(* Let $X$ be a real vector space, let $D \subseteq X$ be a convex set, and let $f: D \to \mathbf{R}\cup\{+\infty\}$ be radially lower semicontinuous. Then $f$ is convex, i.e. $f(\lambda x+(1-\lambda)y) \le \lambda f(x)+(1-\lambda)f(y)$ for all $x,y \in D$ and all $\lambda \in [0,1]$, if and only if for all $x,y \in D$ there exists $\lambda=\lambda(x,y) \in (0,1)$ such that $f(\lambda x+(1-\lambda)y) \le \lambda f(x)+(1-\lambda)f(y)$.
   Context: A function $f: D \to \mathbf{R}\cup\{+\infty\}$ on a convex subset $D$ of a real vector space is called radially lower semicontinuous if $f(x) \le \liminf_{t \downarrow 0} f(x+t(y-x))$ for all $x,y \in D$. Arithmetic in $\mathbf{R}\cup\{+\infty\}$ follows the usual conventions ($a+(+\infty)=+\infty$ for $a\in\mathbf{R}\cup\{+\infty\}$, $c\cdot(+\infty)=+\infty$ for $c>0$, and $0\cdot(+\infty)=0$). *)

From HB Require Import structures.
From mathcomp Require Import all_boot all_order all_algebra.
From mathcomp Require Import all_classical all_reals all_analysis.
Set Implicit Arguments. Unset Strict Implicit. Unset Printing Implicit Defensive.
Import Order.TTheory GRing.Theory Num.Theory.
Import numFieldNormedType.Exports.
Local Open Scope classical_set_scope.
Local Open Scope ring_scope.
Local Open Scope ereal_scope.

Definition convex_subset (R : realType) (X : lmodType R) (D : set X) : Prop :=
  forall (x y : X) (l : R), D x -> D y -> (0 <= l <= 1)%R ->
    D (l *: x + (1 - l) *: y)%R.

Definition radially_lsc (R : realType) (X : lmodType R) (D : set X)
    (f : X -> \bar R) : Prop :=
  forall x y : X, D x -> D y ->
    f x <= limf_einf (fun t : R => f (x + t *: (y - x))%R) (at_right (0:R)).

(* Restricting f to the segment t |-> x + t (y - x) reduces the theorem to a
   function g on [0, 1] that is radially lower semicontinuous and
   lambda-convex; it suffices to show that g lies below its chord.  The set
   of points where g lies strictly above the chord is relatively open in [0, 1]
   (g is lower semicontinuous from both sides, the chord is continuous) and
   contains neither 0 nor 1.  If it contained some t, let a < t < b be the
   endpoints of the largest interval around t inside it: a and b are outside
   the set, so lambda-convexity at a and b gives a point between them at
   which g is below the chord, a contradiction.  When f x or f y is +oo the
   convexity inequality is trivial. *)

From HB Require Import structures.
From mathcomp Require Import all_boot all_order all_algebra.
From mathcomp Require Import all_classical all_reals all_analysis.
From mathcomp Require Import ring lra.
Import Order.TTheory GRing.Theory Num.Theory.
Import numFieldNormedType.Exports.
Set Implicit Arguments. Unset Strict Implicit. Unset Printing Implicit Defensive.
Local Open Scope classical_set_scope.
Local Open Scope ring_scope.

Definition convex_on (R : realType) (X : lmodType R) (D : set X)
    (f : X -> \bar R) : Prop :=
  forall (x y : X) (l : R), D x -> D y -> (0 <= l <= 1)%R ->
    (f (l *: x + (1 - l) *: y)%R <= l%:E * f x + (1 - l)%:E * f y)%E.

Definition lambda_convex_on (R : realType) (X : lmodType R) (D : set X)
    (f : X -> \bar R) : Prop :=
  forall x y : X, D x -> D y -> exists l : R, (0 < l < 1)%R /\
    (f (l *: x + (1 - l) *: y)%R <= l%:E * f x + (1 - l)%:E * f y)%E.

Lemma EFin_lt_dense (R : realType) (x : R) (y : \bar R) :
  (x%:E < y)%E -> exists2 r : R, x < r & (r%:E < y)%E.
Proof.
case: y => [y | _ | //]; last by exists (x + 1); rewrite ?ltey // ltrDl.
by rewrite lte_fin => xy; exists ((x + y) / 2); rewrite ?lte_fin; lra.
Qed.

Lemma radially_lsc_near (R : realType) (X : lmodType R) (D : set X)
    (f : X -> \bar R) x y e :
  radially_lsc D f -> D x -> D y -> (e%:E < f x)%E ->
  \forall t \near 0^'+, (e%:E < f (x + t *: (y - x))%R)%E.
Proof.
move=> f_lsc Dx Dy /lt_le_trans/(_ (f_lsc _ _ Dx Dy)).
rewrite limf_einfE => /ereal_sup_gt[_ [V FV <-]] eV.
apply: filterS FV => t Vt; apply: (lt_le_trans eV).
by apply: ereal_inf_lbound; exists t.
Qed.

Section near_right_left.
Variable R : realType.
Implicit Types (P : set R) (t u c : R).

Lemma near_at_right0_div c P : 0 < c ->
  (\forall s \near 0^'+, P s) -> \forall s \near 0^'+, P (s / c).
Proof.
move=> c0; rewrite !near_withinE => /(near0Z (c^-1 : R^o)).
by apply: filterS => s Ps s0; apply: Ps; rewrite divr_gt0.
Qed.

Lemma near_at_right_line P t u : t < u ->
  (\forall s \near 0^'+, P (t + s * (u - t))) -> \forall r \near t^'+, P r.
Proof.
rewrite -subr_gt0 => ut_gt0 /(near_at_right0_div ut_gt0) H.
by apply/nbhs_right0P; apply: filterS H => s; rewrite divfK ?gt_eqF.
Qed.

Lemma near_at_left_line P t u : u < t ->
  (\forall s \near 0^'+, P (t + s * (u - t))) -> \forall r \near t^'-, P r.
Proof.
rewrite -subr_gt0 => tu_gt0 /(near_at_right0_div tu_gt0) H.
apply/nbhs_left0P; apply: filterS H => s.
by rewrite -[u - t]opprB mulrN divfK ?gt_eqF.
Qed.

End near_right_left.

Section boundary.
Variable R : realType.
Implicit Types (P : pred R) (u v : R).

Lemma left_boundary P u t0 : u <= t0 -> ~~ P u -> P t0 ->
  (forall t, u < t <= t0 -> P t -> \forall s \near t^'-, P s) ->
  exists a, [/\ u <= a < t0, ~~ P a & forall s, a < s <= t0 -> P s].
Proof.
move=> ut0 nPu Pt0 P_left.
pose A := [set s | u <= s <= t0 /\ ~~ P s].
have Au : A u by rewrite /A /= lexx ut0.
have supA : has_sup A by split; [exists u | exists t0 => s [/andP[_ ->]]].
have le_supA := sup_upper_bound supA.
have ua : u <= sup A by exact: le_supA.
have at0 : sup A <= t0 by apply: ge_sup; [exists u | move=> s [/andP[_ ->]]].
have nPa : ~~ P (sup A).
  apply/negP => Pa; have ua' : u < sup A.
    by rewrite lt_neqAle ua andbT; apply: contraNneq nPu => ->.
  have := P_left _ _ Pa; rewrite ua' at0 => /(_ isT).
  apply/not_near_at_leftP => e.
  have [s [/andP[us st0] nPs] es] := sup_adherent (gt0 e) supA.
  have As : A s by split => //; rewrite us st0.
  exists s; last exact/negP.
  rewrite es lt_neqAle le_supA // andbT.
  by apply: contraNneq nPs => ->.
exists (sup A); split => //.
  by rewrite ua lt_neqAle at0 andbT; apply: contraNneq nPa => ->.
move=> s /andP[a_lt_s st0]; apply/negPn/negP => nPs.
have : s <= sup A by apply: le_supA; rewrite /A /= st0 (le_trans ua (ltW a_lt_s)).
by rewrite leNgt a_lt_s.
Qed.

Lemma right_boundary P t0 v : t0 <= v -> ~~ P v -> P t0 ->
  (forall t, t0 <= t < v -> P t -> \forall s \near t^'+, P s) ->
  exists b, [/\ t0 < b <= v, ~~ P b & forall s, t0 <= s < b -> P s].
Proof.
move=> t0v nPv Pt0 P_right.
have [] := @left_boundary (fun s => P (- s)) (- v) (- t0).
- by rewrite lerN2.
- by rewrite opprK.
- by rewrite opprK.
- move=> t; rewrite ltrNl lerNr => /andP[tv t0t] Pt.
  apply/(nbhs_right_leftP t (fun s => P (- s))).
  have := P_right _ _ Pt; rewrite t0t tv => /(_ isT).
  by apply: filterS => s; rewrite /= opprK.
- move=> a []; rewrite lerNl ltrNr => /andP[va at0] nPa Pa.
  exists (- a); split => //; first by rewrite at0 va.
  move=> s /andP[t0s sa]; rewrite -[s]opprK; apply: Pa.
  by rewrite ltrNr lerN2 sa t0s.
Qed.

End boundary.

Section chord.
Variables (R : realType) (g : R -> \bar R) (r1 r2 : R).
Let I := [set t : R | 0 <= t <= 1].
Hypotheses (g_lsc : radially_lsc I g) (g_lconv : lambda_convex_on I g).
Hypotheses (g0 : (g 0 <= r1%:E)%E) (g1 : (g 1 <= r2%:E)%E).

Let chord t := r1 + t * (r2 - r1).
Let above t := ((chord t)%:E < g t)%E.

Let chord_continuous : continuous chord.
Proof.
move=> t; apply: cvgD; first exact: cvg_cst.
by apply: cvgM; [exact: cvg_id | exact: cvg_cst].
Qed.

Let above_left t : 0 < t <= 1 -> above t -> \forall s \near t^'-, above s.
Proof.
move=> /andP[t_gt0 t1] /EFin_lt_dense[e chord_e e_g].
near=> s; apply: (@lt_trans _ _ e%:E).
  rewrite lte_fin; near: s.
  exact: cvgr_lt (cvg_at_left_filter (@chord_continuous t)) _ chord_e.
near: s; apply: (near_at_left_line t_gt0).
apply: (radially_lsc_near g_lsc _ _ e_g).
  by rewrite /I /= t1 ltW.
by rewrite /I /= lexx ler01.
Unshelve. all: by end_near. Qed.

Let above_right t : 0 <= t < 1 -> above t -> \forall s \near t^'+, above s.
Proof.
move=> /andP[t0 t_lt1] /EFin_lt_dense[e chord_e e_g].
near=> s; apply: (@lt_trans _ _ e%:E).
  rewrite lte_fin; near: s.
  exact: cvgr_lt (cvg_at_right_filter (@chord_continuous t)) _ chord_e.
near: s; apply: (near_at_right_line t_lt1).
apply: (radially_lsc_near g_lsc _ _ e_g).
  by rewrite /I /= t0 ltW.
by rewrite /I /= ler01 lexx.
Unshelve. all: by end_near. Qed.

Lemma le_chord t : 0 <= t <= 1 -> (g t <= (chord t)%:E)%E.
Proof.
move=> /andP[t0 t1]; rewrite leNgt; apply/negP => above_t.
have not_above0 : ~~ above 0 by rewrite /above /chord mul0r addr0 -leNgt.
have not_above1 : ~~ above 1 by rewrite /above /chord mul1r addrC subrK -leNgt.
have [a [/andP[a0 a_lt_t] not_above_a above_at]] : exists a,
    [/\ 0 <= a < t, ~~ above a & forall s, a < s <= t -> above s].
  apply: left_boundary t0 not_above0 above_t _ => s /andP[s0 st].
  by apply: above_left; rewrite s0 (le_trans st t1).
have [b [/andP[t_lt_b b1] not_above_b above_tb]] : exists b,
    [/\ t < b <= 1, ~~ above b & forall s, t <= s < b -> above s].
  apply: right_boundary t1 not_above1 above_t _ => s /andP[ts s1].
  by apply: above_right; rewrite s1 (le_trans t0 ts).
have Ia : I a by rewrite /I /= a0 (le_trans (ltW a_lt_t) t1).
have Ib : I b by rewrite /I /= b1 (le_trans t0 (ltW t_lt_b)).
have [l [/andP[l0 l1] g_c]] := g_lconv Ia Ib.
set c := l *: a + (1 - l) *: b in g_c.
have above_c : above c.
  have [ct|tc] := lerP c t.
    by apply: above_at; rewrite ct andbT /c /GRing.scale /=; nra.
  by apply: above_tb; rewrite (ltW tc) /c /GRing.scale /=; nra.
move: above_c; apply/negP; rewrite -leNgt (le_trans g_c) //.
have -> : (chord c)%:E = (l%:E * (chord a)%:E + (1 - l)%:E * (chord b)%:E)%E.
  by rewrite -!EFinM -EFinD /chord /c /GRing.scale /=; congr EFin; ring.
apply: leeD; apply: lee_wpmul2l;
  rewrite ?lee_fin ?subr_ge0 ?(ltW l0) ?(ltW l1) //.
  by rewrite leNgt.
by rewrite leNgt.
Qed.

End chord.

Section line.
Variables (R : realType) (X : lmodType R).
Implicit Types (x y d : X) (l s t u a b : R).

Lemma line_pointE x y t : x + t *: (y - x) = (1 - t) *: x + t *: y.
Proof. by rewrite scalerBr scalerBl scale1r addrA addrAC. Qed.

Lemma line_shift x d t u s :
  (x + t *: d) + s *: ((x + u *: d) - (x + t *: d)) = x + (t + s * (u - t)) *: d.
Proof.
by rewrite opprD addrACA subrr add0r -scalerBl scalerA -addrA -scalerDl.
Qed.

Lemma line_convex_combination x d l a b :
  l *: (x + a *: d) + (1 - l) *: (x + b *: d) = x + (l * a + (1 - l) * b) *: d.
Proof.
rewrite !scalerDr !scalerA addrACA -!scalerDl.
by rewrite (_ : l + (1 - l) = 1) ?scale1r //; ring.
Qed.

Lemma convex_subset_line (D : set X) x y t : convex_subset D ->
  D x -> D y -> 0 <= t <= 1 -> D (x + t *: (y - x)).
Proof.
move=> D_convex Dx Dy t01; rewrite line_pointE.
by have := D_convex x y (1 - t) Dx Dy; rewrite subKr; apply; lra.
Qed.

Variables (D : set X) (f : X -> \bar R) (x y : X).
Hypotheses (D_convex : convex_subset D) (Dx : D x) (Dy : D y).
Let I := [set t : R | 0 <= t <= 1].
Let D_line t : I t -> D (x + t *: (y - x)) := convex_subset_line D_convex Dx Dy.

Lemma radially_lsc_line : radially_lsc D f ->
  radially_lsc I (fun t => f (x + t *: (y - x))).
Proof.
move=> f_lsc t u It Iu; have := f_lsc _ _ (D_line It) (D_line Iu).
by congr (_ <= limf_einf _ _)%E; apply: funext => s; rewrite line_shift.
Qed.

Lemma lambda_convex_line : lambda_convex_on D f ->
  lambda_convex_on I (fun t => f (x + t *: (y - x))).
Proof.
move=> f_lconv a b Ia Ib.
have [l [l01 f_ab]] := f_lconv _ _ (D_line Ia) (D_line Ib).
by exists l; split => //; rewrite line_convex_combination in f_ab.
Qed.

End line.

Local Open Scope ereal_scope.

Lemma convex_on_lambda_convex (R : realType) (X : lmodType R) (D : set X)
    (f : X -> \bar R) :
  convex_on D f -> lambda_convex_on D f.
Proof.
move=> f_convex x y Dx Dy; exists (2^-1)%R.
by split; [|apply: f_convex => //]; apply/andP; split; lra.
Qed.

Lemma lambda_convex_on_convex (R : realType) (X : lmodType R) (D : set X)
    (f : X -> \bar R) :
  convex_subset D -> (forall x, D x -> f x != -oo) -> radially_lsc D f ->
  lambda_convex_on D f -> convex_on D f.
Proof.
move=> D_convex f_gtNy f_lsc f_lconv x y l Dx Dy /andP[l0 l1].
have [->|l_neq1] := eqVneq l 1%R.
  by rewrite subrr scale0r scale1r addr0 mul1e mul0e adde0.
have [->|l_neq0] := eqVneq l 0%R.
  by rewrite subr0 scale0r scale1r add0r mul0e mul1e add0e.
have l_gt0 : (0 < l)%R by rewrite lt_neqAle eq_sym l_neq0.
have l_lt1 : (0 < 1 - l)%R by rewrite subr_gt0 lt_neqAle l_neq1.
case fx : (f x) (f_gtNy x Dx) => [r1| |] // _;
  case fy : (f y) (f_gtNy y Dy) => [r2| |] // _; last 3 first.
- by rewrite gt0_muley ?lte_fin // addey ?leey.
- by rewrite gt0_muley ?lte_fin // addye ?leey.
- by rewrite !gt0_muley ?lte_fin // addye ?leey.
have g0 : f (x + 0 *: (y - x))%R <= r1%:E by rewrite scale0r addr0 fx.
have g1 : f (x + 1 *: (y - x))%R <= r2%:E by rewrite scale1r addrC subrK fy.
have t01 : (0 <= 1 - l <= 1)%R by apply/andP; split; lra.
have := le_chord (radially_lsc_line D_convex Dx Dy f_lsc)
  (lambda_convex_line D_convex Dx Dy f_lconv) g0 g1 t01.
rewrite line_pointE subKr => /le_trans; apply.
by rewrite -!EFinM -EFinD lee_fin; nra.
Qed.

Theorem theorem1 (R : realType) (X : lmodType R) (D : set X) (f : X -> \bar R)
  (hD : convex_subset D) (hf : forall x, D x -> f x != -oo)
  (hrl : radially_lsc D f) :
  (forall (x y : X) (l : R), D x -> D y -> (0 <= l <= 1)%R ->
     f (l *: x + (1 - l) *: y)%R <= l%:E * f x + (1 - l)%:E * f y)
  <->
  (forall x y : X, D x -> D y -> exists l : R, (0 < l < 1)%R /\
     f (l *: x + (1 - l) *: y)%R <= l%:E * f x + (1 - l)%:E * f y).
Proof.
split; first exact: convex_on_lambda_convex.
exact: lambda_convex_on_convex.
Qed.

Work required
Take the lines above from the one containing "set c := l *: a + (1 - l) *: b in g_c." down to the one containing "by apply: above_tb;", and transcribe them exactly, both ends included.

Answer section
set c := l *: a + (1 - l) *: b in g_c.
have above_c : above c.
  have [ct|tc] := lerP c t.
    by apply: above_at; rewrite ct andbT /c /GRing.scale /=; nra.
  by apply: above_tb; rewrite (ltW tc) /c /GRing.scale /=; nra.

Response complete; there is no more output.